§ **TASK DETAILS**:
Look through the records below for the line with "(eps being fixed), it". Return that line and each one after it up to and including the line with "From mathcomp Require Import all_boot zify.", exactly.

§ **PROVIDED ENTRIES**:
(* Let $G$ be a finitely generated nilpotent group with lower central series $G=G_1\ge G_2\ge\cdots\ge G_{k+1}=\{1\}$, and let $\phi\in\operatorname{Aut}(G)$. For each $i$, let $B_i=G_i/G_{i+1}$, let $\theta_i$ be the automorphism of $B_i$ induced by $\phi$, let $\bar\theta_i$ be the automorphism induced by $\theta_i$ on $B_i/\mathrm{Tor}(B_i)\cong\mathbb{Z}^{m_i}$, and let $M_i\in\mathrm{GL}(m_i,\mathbb{Z})$ be the matrix of $\bar\theta_i$ with respect to a fixed basis. If all eigenvalues of $M_1$ have absolute value $1$, then for every $i$ all eigenvalues of $M_i$ have absolute value $1$.
   Context: $G_{i+1}=[G_i,G]$; each $G_i$ is characteristic so $\phi$ restricts to $G_i$ and induces automorphisms of the quotients. $\mathrm{Tor}(B)$ denotes the torsion subgroup of the finitely generated abelian group $B$. *)

From HB Require Import structures.
From mathcomp Require Import all_boot all_order all_algebra all_field.
Set Implicit Arguments. Unset Strict Implicit. Unset Printing Implicit Defensive.
Import Order.TTheory GRing.Theory Num.Theory.

Structure grp := Grp {
  gcar :> Type;
  gmul : gcar -> gcar -> gcar;
  gone : gcar;
  ginv : gcar -> gcar;
  gmulA : forall x y z, gmul x (gmul y z) = gmul (gmul x y) z;
  gmul1g : forall x, gmul gone x = x;
  gmulVg : forall x, gmul (ginv x) x = gone }.

Section GroupDefs.
Variable G : grp.
Local Notation "x * y" := (gmul x y).
Local Notation "1" := (gone G).

Definition is_subgroup (H : G -> Prop) :=
  [/\ H 1, forall x y, H x -> H y -> H (x * y) & forall x, H x -> H (ginv x)].

Definition gen (S : G -> Prop) (x : G) : Prop :=
  forall H, is_subgroup H -> (forall y, S y -> H y) -> H x.

Definition comm (x y : G) : G := ginv x * ginv y * x * y.
(* There exists a constant $D>1$ such that testing $\mathsf{Lattice\text{-}Eval}((\{0,1\};\wedge,\vee),D)$ restricted to instances with threshold $\ell=1$ with one-sided error requires a linear number of queries; i.e., there is $\epsilon>0$ such that every one-sided-error $\epsilon$-tester for this problem makes $\Omega(n)$ queries on some instances with $n$ variables.
   Context: For a finite lattice $\mathbb L=(L;\wedge,\vee)$ and a constant $D>1$, $\mathsf{Lattice\text{-}Eval}(\mathbb L,D)$ is the assignment problem whose instances consist of: a circuit $C$ on a variable set $V$ over the basis $\{\wedge,\vee\}$ (gates of fan-in 2) of depth less than $D+D\log_2|V|$; an element $\ell\in L$; and a weight function $w:V\to[0,1]$ with $\sum_x w(x)=1$. Assignments are maps $f:V\to L$, and $f$ is satisfying if $C(f)\ge\ell$ in the lattice order, where $C(f)$ is the value of $C$ under $f$. Distance: $\mathrm{dist}_{\mathcal I}(f)$ is the minimum over satisfying $g$ of $\sum_{x:f(x)\ne g(x)}w(x)$; $f$ is $\epsilon$-far if this exceeds $\epsilon$. A one-sided $\epsilon$-tester gets the instance and $\epsilon$, queries values of $f$, always accepts satisfying $f$ and rejects $\epsilon$-far $f$ with probability $\ge 2/3$. *)

From Stdlib Require Import Reals.
From mathcomp Require Import all_boot.

Set Implicit Arguments.
Unset Strict Implicit.
Unset Printing Implicit Defensive.

(* A circuit (DAG) is represented by its unfolding into a formula tree;
   this preserves the computed function and the depth exactly. *)
Inductive circuit (n : nat) : Type :=
| CVar : 'I_n -> circuit n
| CAnd : circuit n -> circuit n -> circuit n
| COr  : circuit n -> circuit n -> circuit n.

Fixpoint ceval (n : nat) (C : circuit n) (f : 'I_n -> bool) : bool :=
  match C with
  | CVar x => f x
  | CAnd C1 C2 => ceval C1 f && ceval C2 f
  | COr C1 C2 => ceval C1 f || ceval C2 f
  end.

Fixpoint cdepth (n : nat) (C : circuit n) : nat :=
  match C with
  | CVar _ => 0
  | CAnd C1 C2 => (maxn (cdepth C1) (cdepth C2)).+1
  | COr C1 C2 => (maxn (cdepth C1) (cdepth C2)).+1
  end.

Record instance (n : nat) : Type := Instance {
  inst_C : circuit n;
  inst_l : bool;
  inst_w : 'I_n -> R
}.

Definition wsum (n : nat) (w : 'I_n -> R) (P : 'I_n -> bool) : R :=
  \big[Rplus/R0]_(i : 'I_n | P i) w i.

Definition log2 (x : R) : R := Rdiv (ln x) (ln (INR 2)).

Definition valid_instance (D : R) (n : nat) (I : instance n) : Prop :=
  Rlt (INR (cdepth (inst_C I))) (Rplus D (Rmult D (log2 (INR n)))) /\
  (forall x, Rle R0 (inst_w I x) /\ Rle (inst_w I x) R1) /\
  wsum (inst_w I) (fun _ => true) = R1.

(* f is satisfying iff C(f) >= l in the order 0 <= 1 of the lattice. *)
Definition satisfying (n : nat) (I : instance n) (f : 'I_n -> bool) : bool :=
  inst_l I ==> ceval (inst_C I) f.

(* f is eps-far: dist(f) = min over satisfying g of the weighted Hamming
   distance exceeds eps (min over the empty set = +infinity). *)
Definition far (eps : R) (n : nat) (I : instance n) (f : 'I_n -> bool) : Prop :=
  forall g : 'I_n -> bool, satisfying I g ->
    Rlt eps (wsum (inst_w I) (fun x => f x != g x)).

(* Deterministic adaptive query algorithms = decision trees. *)
Inductive dtree (n : nat) : Type :=
| Leaf : bool -> dtree n                         (* true = accept *)
| Query : 'I_n -> dtree n -> dtree n -> dtree n. (* query x; branch on f x = false / true *)

Fixpoint run (n : nat) (t : dtree n) (f : 'I_n -> bool) : bool :=
  match t with
  | Leaf b => b
  | Query x t0 t1 => if f x then run t1 f else run t0 f
  end.

Fixpoint nqueries (n : nat) (t : dtree n) (f : 'I_n -> bool) : nat :=
  match t with
  | Leaf _ => 0
  | Query x t0 t1 => (if f x then nqueries t1 f else nqueries t0 f).+1
  end.

(* A randomized query algorithm: a finite probability distribution over
   decision trees, given as a list of (probability, tree). *)
Definition rtree (n : nat) : Type := list (R * dtree n).

Definition is_distribution (n : nat) (T : rtree n) : Prop :=
  (forall p, List.In p T -> Rle R0 (fst p)) /\
  List.fold_right (fun p acc => Rplus (fst p) acc) R0 T = R1.

Definition acc_prob (n : nat) (T : rtree n) (f : 'I_n -> bool) : R :=
  List.fold_right (fun p acc => Rplus (Rmult (fst p) (if run (snd p) f then R1 else R0)) acc) R0 T.

(* A tester for the problem restricted to threshold l = 1: given the instance
   (eps being fixed), it is a randomized query algorithm. *)
Definition tester : Type := forall n : nat, instance n -> rtree n.

Definition one_sided_tester (D eps : R) (T : tester) : Prop :=
  forall (n : nat) (I : instance n),
    valid_instance D I -> inst_l I = true ->
    is_distribution (T n I) /\
    (forall f, satisfying I f -> acc_prob (T n I) f = R1) /\
    (forall f, far eps I f -> Rle (acc_prob (T n I) f) (Rdiv R1 (INR 3))).

From Stdlib Require Import Reals Lra.
From mathcomp Require Import all_boot zify.

(* The hard instances come from Valiant-style amplification.  Let F_0 be a uniformly random
   variable and F_(t+1) = (A /\ B) \/ (C /\ D) for independent copies A, B, C, D of F_t; instead of
   probabilities we count over the list of all such formulas.  On an input with at most n/8 ones,
   p = Pr[F_t is true] satisfies p' <= 2 p^2, and on an input with at most n/8 zeros,
   q = Pr[F_t is false] satisfies q' <= 4 q^2, so both drop below 2^-(2^t).  For 2^t > n a union
   bound over the 2^n inputs yields a formula of depth 2t = O(log n) that is false on every input
   with few ones and true on every input with few zeros.  Under uniform weights the all-false
   assignment is then 1/8-far, so a one-sided tester rejects it with some decision tree of positive
   probability; had that tree made fewer than n/8 queries, setting the unqueried variables to 1
   would give a satisfying assignment that it also rejects. *)

Set Implicit Arguments.
Unset Strict Implicit.
Unset Printing Implicit Defensive.

Section AllPairs.
Variables (T1 T2 T3 : Type) (f : T1 -> T2 -> T3).

Lemma count_allpairs (P : pred T3) s1 s2 :
  count P [seq f a b | a <- s1, b <- s2] =
  \sum_(a <- s1) count (fun b => P (f a b)) s2.
Proof.
elim: s1 => [|a s IH]; first by rewrite big_nil.
by rewrite allpairs_cons count_cat count_map IH big_cons.
Qed.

§ **EXPECTED ANSWER**:
   (eps being fixed), it is a randomized query algorithm. *)
Definition tester : Type := forall n : nat, instance n -> rtree n.

Definition one_sided_tester (D eps : R) (T : tester) : Prop :=
  forall (n : nat) (I : instance n),
    valid_instance D I -> inst_l I = true ->
    is_distribution (T n I) /\
    (forall f, satisfying I f -> acc_prob (T n I) f = R1) /\
    (forall f, far eps I f -> Rle (acc_prob (T n I) f) (Rdiv R1 (INR 3))).

From Stdlib Require Import Reals Lra.
From mathcomp Require Import all_boot zify.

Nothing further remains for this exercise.